# Rest beans before freezing?



## Tigermad (Sep 7, 2015)

I have just order a kilo of different beans from Rave. If I am going to vacuum seal them and then freeze them, is it best to let them rest the required amount of time first. Or doesn't it matter about the rest if you are freezing them?


----------



## gcogger (May 18, 2013)

In my experience, the beans do need resting even if they're frozen, and it makes little difference if you rest then freeze, or freeze then rest. As the former allows me to be less organised, that's what I do these days


----------



## shannigan (Jun 1, 2015)

I recently read something, which I think was on this forum, where the writer had experimented with this.
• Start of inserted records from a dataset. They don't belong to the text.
Lemma ET_done_equidistant_le : (ET_done l_eq <= ET_done l)%E.
Proof.
have pe01 (i : 'I_N.+1) : 0 <= psucc (l_eq i) <= 1 by exact/psucc_in01/ltW.
have te_ge0 : 0 <= t_att l_eq by apply: t_att_ge0 => i; exact: ltW.
apply: ET_done_le => [i|K]; first exact: ltW.
apply: le_trans (tail_sum_le_ET_done l_ge0 K); rewrite lee_fin box_meanE.
apply: (@le_trans _ _ (t_att l_eq * \sum_(n < K) (1 - cdf_max (fun i => psucc (l_eq i)) n))).
  by rewrite ler_wpM2l //; apply: ler_sum => n _; rewrite lerD2r cdf_max_le1.
apply: ler_pM.
- exact: te_ge0.
- by apply: sumr_ge0 => n _; rewrite subr_ge0 cdf_max_le1.
- exact: t_att_equidistant.
- by apply: ler_sum => n _; rewrite lerD2l lerN2 cdf_max_le_equidistant.
Qed.

Lemma ET_done_equidistant_gt0 : (0 < ET_done l_eq)%E.
Proof.
apply: lt_le_trans (box_mean_le_ET_done l_eq 1); rewrite lte_fin box_meanE big_ord1.
have -> : cdf_max (fun i => psucc (l_eq i)) 0 = 0.
  by rewrite /cdf_max big_ord_recl /geom_cdf expr0 subrr mul0r.
rewrite subr0 mulr_gt0 //; last first.
  by apply: prodr_gt0 => i _; rewrite /geom_cdf expr1 subKr psucc_gt0.
by rewrite t_att_cst ?divr_gt0 ?c_light_gt0 // ltW.
Qed.

End Equidistant.

Lemma inv_fine_le (R : realType) (x y : \bar R) :
  (0 < x)%E -> (x <= y)%E -> (fine y)^-1 <= (fine x)^-1.
Proof.
case: x => [s| |] //; case: y => [r| |] //=; rewrite ?lte_fin ?lee_fin.
- by move=> s_gt0 sr; rewrite lef_pV2 ?posrE // (lt_le_trans s_gt0 sr).
- by move=> s_gt0 _; rewrite invr0 invr_ge0 ltW.
Qed.
Lemma lms_prefix_mkseq T i : (2 <= size T)%N -> (i < size T)%N ->
  lms_prefix T i = mkseq (fun k => cyc T (i + k)) (lms_dist T i).+1.
Proof.
move=> size_T lt_in; have le_dist := lms_dist_le T i.
have size_pre : size (lms_prefix T i) = (lms_dist T i).+1.
  by rewrite size_takel // size_cat /conj size_rot; lia.
apply: (@eq_from_nth _ x0) => [|k]; rewrite size_pre ?size_mkseq // => lt_k.
have rot_i : rot i T = rot (i %% size T) T by rewrite modn_small.
rewrite nth_take // nth_mkseq // /conj nth_cat size_rot rot_i.
case: ltnP => [lt_kn|le_nk]; first by rewrite nth_rot_cyc.
rewrite nth_rot_cyc; last by lia.
by rewrite -(cyc_addmul _ _ 1) mul1n -addnA subnK.
Qed.

Lemma omega_at_cyc T n : (0 < size T)%N -> omega_at T n = Some (cyc T n).
Proof. by move=> T_gt0; rewrite /omega_at onthE (nth_map x0) ?ltn_pmod. Qed.

Lemma omega_lt_cyc X Y : (0 < size X)%N -> (0 < size Y)%N ->
  word_lt (cyc X) (cyc Y) -> omega_lt X Y.
Proof.
move=> X_gt0 Y_gt0 [k [eq_k lt_k]]; exists k, (cyc X k), (cyc Y k).
by rewrite !omega_at_cyc //; split=> // j /eq_k eq_j; rewrite !omega_at_cyc ?eq_j.
Qed.

Lemma word_lt_at_lms X Y e : primitive X -> (2 <= size X)%N -> (0 < size Y)%N ->
  (0 < e)%N -> ~~ isLMS X (e %% size X) -> isLMS Y (e %% size Y) ->
  (forall j, (j <= e)%N -> cyc X j = cyc Y j) -> word_lt (cyc X) (cyc Y).
Proof.
move=> prim_X size_X Y_gt0 e_gt0 nlms_X /(isLMS_cyc Y_gt0 e_gt0)[st_Y lt_Y] eq_XY.
have drop_Y : cyc Y e < cyc Y e.-1.
  by have := ltype_stypeS_lt lt_Y; rewrite prednK // => /(_ st_Y).
have lt_X : ltype (cyc X) e.-1.
  by apply: ltype_of_lt; rewrite prednK // !eq_XY // leq_pred.
have nst_X : ~ stype (cyc X) e.
  by move=> st_X; case/negP: nlms_X; apply/isLMS_cyc => //; lia.
have [//|lt_Xe] := stype_or_ltype (cyc_nonconst e prim_X size_X).
exact: word_lt_ltype_stype eq_XY lt_Xe st_Y.
Qed.
End Cyclic.

Theorem lemma5 (d : Order.disp_t) (A : orderType d) (S T : seq A) :
  primitive S -> primitive T -> (2 <= size S)%N -> (2 <= size T)%N ->
  lms_lt (lms_prefix S 0) (lms_prefix T 0) ->
  omega_prec S T.
Proof.
move=> prim_S prim_T size_S size_T.
have [x0 _] : exists x : A, x \in S.
  by case: S size_S {prim_S} => // x; exists x; rewrite mem_head.
rewrite !(lms_prefix_mkseq x0) //; try lia.
move=> /lms_lt_mkseq lt_UV; right; apply: (omega_lt_cyc (x0 := x0)); try lia.
case: lt_UV => [//|[lt_dist eq_ST]].
apply: (word_lt_at_lms (e := lms_dist T 0)) => //; try lia.
  by rewrite -[lms_dist T 0]add0n before_lms_dist.
by rewrite -[lms_dist T 0]add0n isLMS_lms_dist.
Qed.
(* An element $r\in\widetilde{\mathbb{K}}_{sm}$ is non-invertible if and only if it is a zero divisor (i.e., there exists $s\in\widetilde{\mathbb{K}}_{sm}$, $s\neq0$, with $rs=0$).
   Context: Let $I=(0,1]$ and $\mathbb{K}\in\{\mathbb{R},\mathbb{C}\}$. $\mathcal{E}_{M,sm}$ is the set of nets $(r_\varepsilon)_{\varepsilon\in I}\in\mathbb{K}^I$ with $\varepsilon\mapsto r_\varepsilon$ smooth on $I$ and $|r_\varepsilon|=O(\varepsilon^{-N})$ as $\varepsilon\to0$ for some $N\in\mathbb{N}$; $\mathcal{N}_{sm}$ is the set of smooth nets with $|r_\varepsilon|=O(\varepsilon^m)$ for all $m\in\mathbb{N}$; $\widetilde{\mathbb{K}}_{sm}=\mathcal{E}_{M,sm}/\mathcal{N}_{sm}$, a commutative ring with componentwise operations. *)

From Stdlib Require Import Reals.
From Coquelicot Require Import Coquelicot.
Open Scope R_scope.

(** Nets are modelled as functions [R -> C]; for K = R we require the net
    to take real values on I = (0,1]. Only values on I are relevant. *)
Inductive Kfield := KR | KC.

Definition net := R -> C.

Definition in_I (e : R) : Prop := 0 < e <= 1.

(** A real function is smooth on I = (0,1] if it coincides on I with a
    C^infinity function on the open half line (0,+oo)
    (equivalently, by Borel/Seeley extension, it has one-sided derivatives
    of all orders at 1). *)
Definition smooth_on_I (f : R -> R) : Prop :=
  exists g : R -> R,
    (forall (n : nat) (x : R), 0 < x -> ex_derive_n g n x) /\
    (forall e, in_I e -> g e = f e).

Definition smooth_net (K : Kfield) (r : net) : Prop :=
  smooth_on_I (fun e => Re (r e)) /\ smooth_on_I (fun e => Im (r e)) /\
  (K = KR -> forall e, in_I e -> Im (r e) = 0).

Definition moderate (r : net) : Prop :=
  exists (N : nat) (c eta : R), 0 < c /\ 0 < eta <= 1 /\
    forall e, 0 < e <= eta -> Cmod (r e) <= c * (/ e) ^ N.

Definition negligible (r : net) : Prop :=
  forall m : nat, exists (c eta : R), 0 < c /\ 0 < eta <= 1 /\
    forall e, 0 < e <= eta -> Cmod (r e) <= c * e ^ m.

Definition EMsm (K : Kfield) (r : net) : Prop := smooth_net K r /\ moderate r.
Definition Nsm (K : Kfield) (r : net) : Prop := smooth_net K r /\ negligible r.

Definition net_mul (r s : net) : net := fun e => Cmult (r e) (s e).
Definition net_sub (r s : net) : net := fun e => Cminus (r e) (s e).
Definition net_one : net := fun _ => RtoC 1.

(** Equality in the quotient K~_sm = E_{M,sm} / N_{sm} of the classes of
    representatives r, s. *)
Definition gen_eq (K : Kfield) (r s : net) : Prop := Nsm K (net_sub r s).

Definition gen_invertible (K : Kfield) (r : net) : Prop :=
  exists s, EMsm K s /\ gen_eq K (net_mul r s) net_one.

Definition gen_zero_divisor (K : Kfield) (r : net) : Prop :=
  exists s, EMsm K s /\ ~ Nsm K s /\ Nsm K (net_mul r s).

From Stdlib Require Import Reals Lra Lia Classical ClassicalEpsilon.
From Coquelicot Require Import Coquelicot.
Open Scope R_scope.

(* A zero divisor [r] with [r s = 0], [s <> 0] is not invertible: if [r t = 1] then
   [s = t (r s) - s (r t - 1)] would be negligible.
   Conversely, let [G] be a smooth function on (0,+oo) dominating every power of [1/e].
   If [|r_e| >= e^n] for small [e] and some [n], then [conj r / (|r|^2 + 1/G)] is an
   inverse of [r], the term [1/G] being negligible.  Otherwise there are [y_n -> 0] with
   [|r(y_n)| < y_n^n]; choosing [G] moreover at most [exp 1 * y_n^(-n)] at [y_n] (a
   power series in [1/e] whose coefficients are tuned to the [y_n]), the net
   [1 / (1 + G |r|^2)] stays above [1/(1 + exp 1)] along [y_n], yet its product with [r]
   is bounded by [min(|r|, 1/(G |r|))], hence negligible. *)

(** * Smooth functions on an open set *)

Section Smooth.
Variable D : R -> Prop.
Hypothesis D_open : forall x, D x -> locally x D.

Definition Cn (n : nat) (f : R -> R) : Prop :=
  forall k x, (k <= n)%nat -> D x -> ex_derive_n f k x.

Definition Cinf (f : R -> R) : Prop := forall n, Cn n f.

Lemma Derive_n_S f k : Derive_n f (S k) = Derive_n (Derive f) k.
Proof.
  induction k as [|k IH]; [reflexivity|].
  change (Derive (Derive_n f (S k)) = Derive (Derive_n (Derive f) k)).
  now rewrite IH.
Qed.

Lemma Cn_S n f :
  Cn (S n) f <-> (forall x, D x -> ex_derive f x) /\ Cn n (Derive f).
Proof.
  split.
  - intros H; split.
    + intros x Hx. exact (H 1%nat x ltac:(lia) Hx).
    + intros [|k] x Hk Hx; [exact I|].
      change (ex_derive (Derive_n (Derive f) k) x).
      rewrite <- Derive_n_S. exact (H (S (S k)) x ltac:(lia) Hx).
  - intros [H1 H2] [|[|k]] x Hk Hx; [exact I | exact (H1 x Hx) |].
    change (ex_derive (Derive_n f (S k)) x).
    rewrite Derive_n_S. exact (H2 (S k) x ltac:(lia) Hx).
Qed.

Lemma Cn_ext n f g : (forall x, D x -> f x = g x) -> Cn n f -> Cn n g.
Proof.
  intros E H k x Hk Hx. apply (ex_derive_n_ext_loc f g).
  - exact (filter_imp D _ E (D_open x Hx)).
  - exact (H k x Hk Hx).
Qed.

Lemma Cn_plus n f g : Cn n f -> Cn n g -> Cn n (fun x => f x + g x).
Proof.
  revert f g; induction n as [|n IH]; intros f g Hf Hg.
  - intros [|k] x Hk Hx; [exact I | lia].
  - apply Cn_S in Hf as [Hf1 Hf2]. apply Cn_S in Hg as [Hg1 Hg2].
    apply Cn_S; split.
    + intros x Hx. apply (ex_derive_plus f g); auto.
    + apply (Cn_ext n (fun x => Derive f x + Derive g x)); [|now apply IH].
      intros x Hx. rewrite Derive_plus; auto.
Qed.

Lemma Cn_mult n f g : Cn n f -> Cn n g -> Cn n (fun x => f x * g x).
Proof.
  revert f g; induction n as [|n IH]; intros f g Hf Hg.
  - intros [|k] x Hk Hx; [exact I | lia].
  - assert (Hf0 : Cn n f) by (intros k x Hk; apply Hf; lia).
    assert (Hg0 : Cn n g) by (intros k x Hk; apply Hg; lia).
    apply Cn_S in Hf as [Hf1 Hf2]. apply Cn_S in Hg as [Hg1 Hg2].
    apply Cn_S; split.
    + intros x Hx. apply (ex_derive_mult f g); auto.
    + apply (Cn_ext n (fun x => Derive f x * g x + f x * Derive g x)).
      * intros x Hx. rewrite Derive_mult; auto.
      * apply Cn_plus; apply IH; auto.
Qed.

Lemma Cinf_const c : Cinf (fun _ => c).
Proof. intros n k x _ _. apply ex_derive_n_const. Qed.

Lemma Cinf_id : Cinf (fun x => x).
Proof.
  intros n k x _ _. apply (ex_derive_n_ext (fun x => x ^ 1)).
  - intros t. apply pow_1.
  - apply ex_derive_n_pow.
Qed.

Lemma Cinf_plus f g : Cinf f -> Cinf g -> Cinf (fun x => f x + g x).
Proof. intros Hf Hg n. apply Cn_plus; auto. Qed.

Lemma Cinf_mult f g : Cinf f -> Cinf g -> Cinf (fun x => f x * g x).
Proof. intros Hf Hg n. apply Cn_mult; auto. Qed.

Lemma Cinf_ex_derive f x : Cinf f -> D x -> ex_derive f x.
Proof. intros H Hx. exact (H 1%nat 1%nat x (le_n 1) Hx). Qed.

Lemma Cinf_Derive f : Cinf f -> Cinf (Derive f).
Proof. intros H n. exact (proj2 (proj1 (Cn_S n f) (H (S n)))). Qed.

Lemma Cinf_inv f : Cinf f -> (forall x, D x -> f x <> 0) -> Cinf (fun x => / f x).
Proof.
  intros Hf Hnz n. induction n as [|n IH].
  - intros [|k] x Hk Hx; [exact I | lia].
  - apply Cn_S; split.
    + intros x Hx. apply ex_derive_inv; auto. now apply Cinf_ex_derive.
    + apply (Cn_ext n (fun x => (-1) * Derive f x * (/ f x * / f x))).
      * intros x Hx. rewrite Derive_inv; [| now apply Cinf_ex_derive | auto].
        field. now apply Hnz.
      * apply Cn_mult; apply Cn_mult; auto.
        -- apply Cinf_const.
        -- now apply Cinf_Derive.
Qed.

End Smooth.

Lemma Cinf_comp D (D_open : forall x, D x -> locally x D) h f :
  Cinf (fun _ => True) h -> Cinf D f -> Cinf D (fun x => h (f x)).
Proof.
  intros Hh Hf n. revert h Hh. induction n as [|n IH]; intros h Hh.
  - intros [|k] x Hk Hx; [exact I | lia].
  - assert (Hh1 : forall y, ex_derive h y)
      by (intros y; now apply (Cinf_ex_derive (fun _ => True) h y)).
    apply Cn_S; auto. split.
    + intros x Hx. apply ex_derive_comp; [apply Hh1 | now apply (Cinf_ex_derive D)].
    + apply (Cn_ext D D_open n (fun x => Derive f x * Derive h (f x))).
      * intros x Hx. rewrite (Derive_comp h f x); auto. now apply (Cinf_ex_derive D).
      * apply Cn_mult; auto.
        -- now apply Cinf_Derive.
        -- apply IH. now apply Cinf_Derive.
Qed.

Definition Rpos (x : R) : Prop := 0 < x.

Lemma Rpos_open x : Rpos x -> locally x Rpos.
Proof. exact (open_gt 0 x). Qed.

Lemma smooth_on_I_of_Cinf g f :
  Cinf Rpos g -> (forall e, in_I e -> g e = f e) -> smooth_on_I f.
Proof. intros Hg E. exists g. split; [|exact E]. intros n x Hx. exact (Hg n n x (le_n n) Hx). Qed.

Lemma Cinf_of_smooth_on_I f :
  smooth_on_I f -> exists g, Cinf Rpos g /\ forall e, in_I e -> g e = f e.
Proof. intros [g [Hg E]]. exists g. split; [|exact E]. intros n k x _ Hx. exact (Hg k x Hx). Qed.

Lemma smooth_on_I_ext f g :
  (forall e, in_I e -> f e = g e) -> smooth_on_I f -> smooth_on_I g.
Proof.
  intros E [h [Hh Eh]]. exists h. split; [exact Hh|].
  intros e He. rewrite <- E by exact He. exact (Eh e He).
Qed.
Their conclusion was that the beans come out of the freezer as they went in, so you should rest them first if you want to use them straight out of the freezer.

I think the writer of that also vacuum sealed the beans.


----------



## DoubleShot (Apr 23, 2014)

As mentioned above rest prior to freezing, that way they are ready to use when removed from the freezer. Which might get you out of a sticky situation if you've run out of fresh beans.


----------



## Tigermad (Sep 7, 2015)

Thanks for all the replies.  resting before it is.


----------



## PPapa (Oct 24, 2015)

Another question... what do you do when you take them out of the freezer? I had too many beans so I just shoved them in the freezer, but how do you "unfreeze"? I'm just afraid of moisture.


----------



## DoubleShot (Apr 23, 2014)

PPapa said:


> Another question... what do you do when you take them out of the freezer? I had too many beans so I just shoved them in the freezer, but how do you "unfreeze"? I'm just afraid of moisture.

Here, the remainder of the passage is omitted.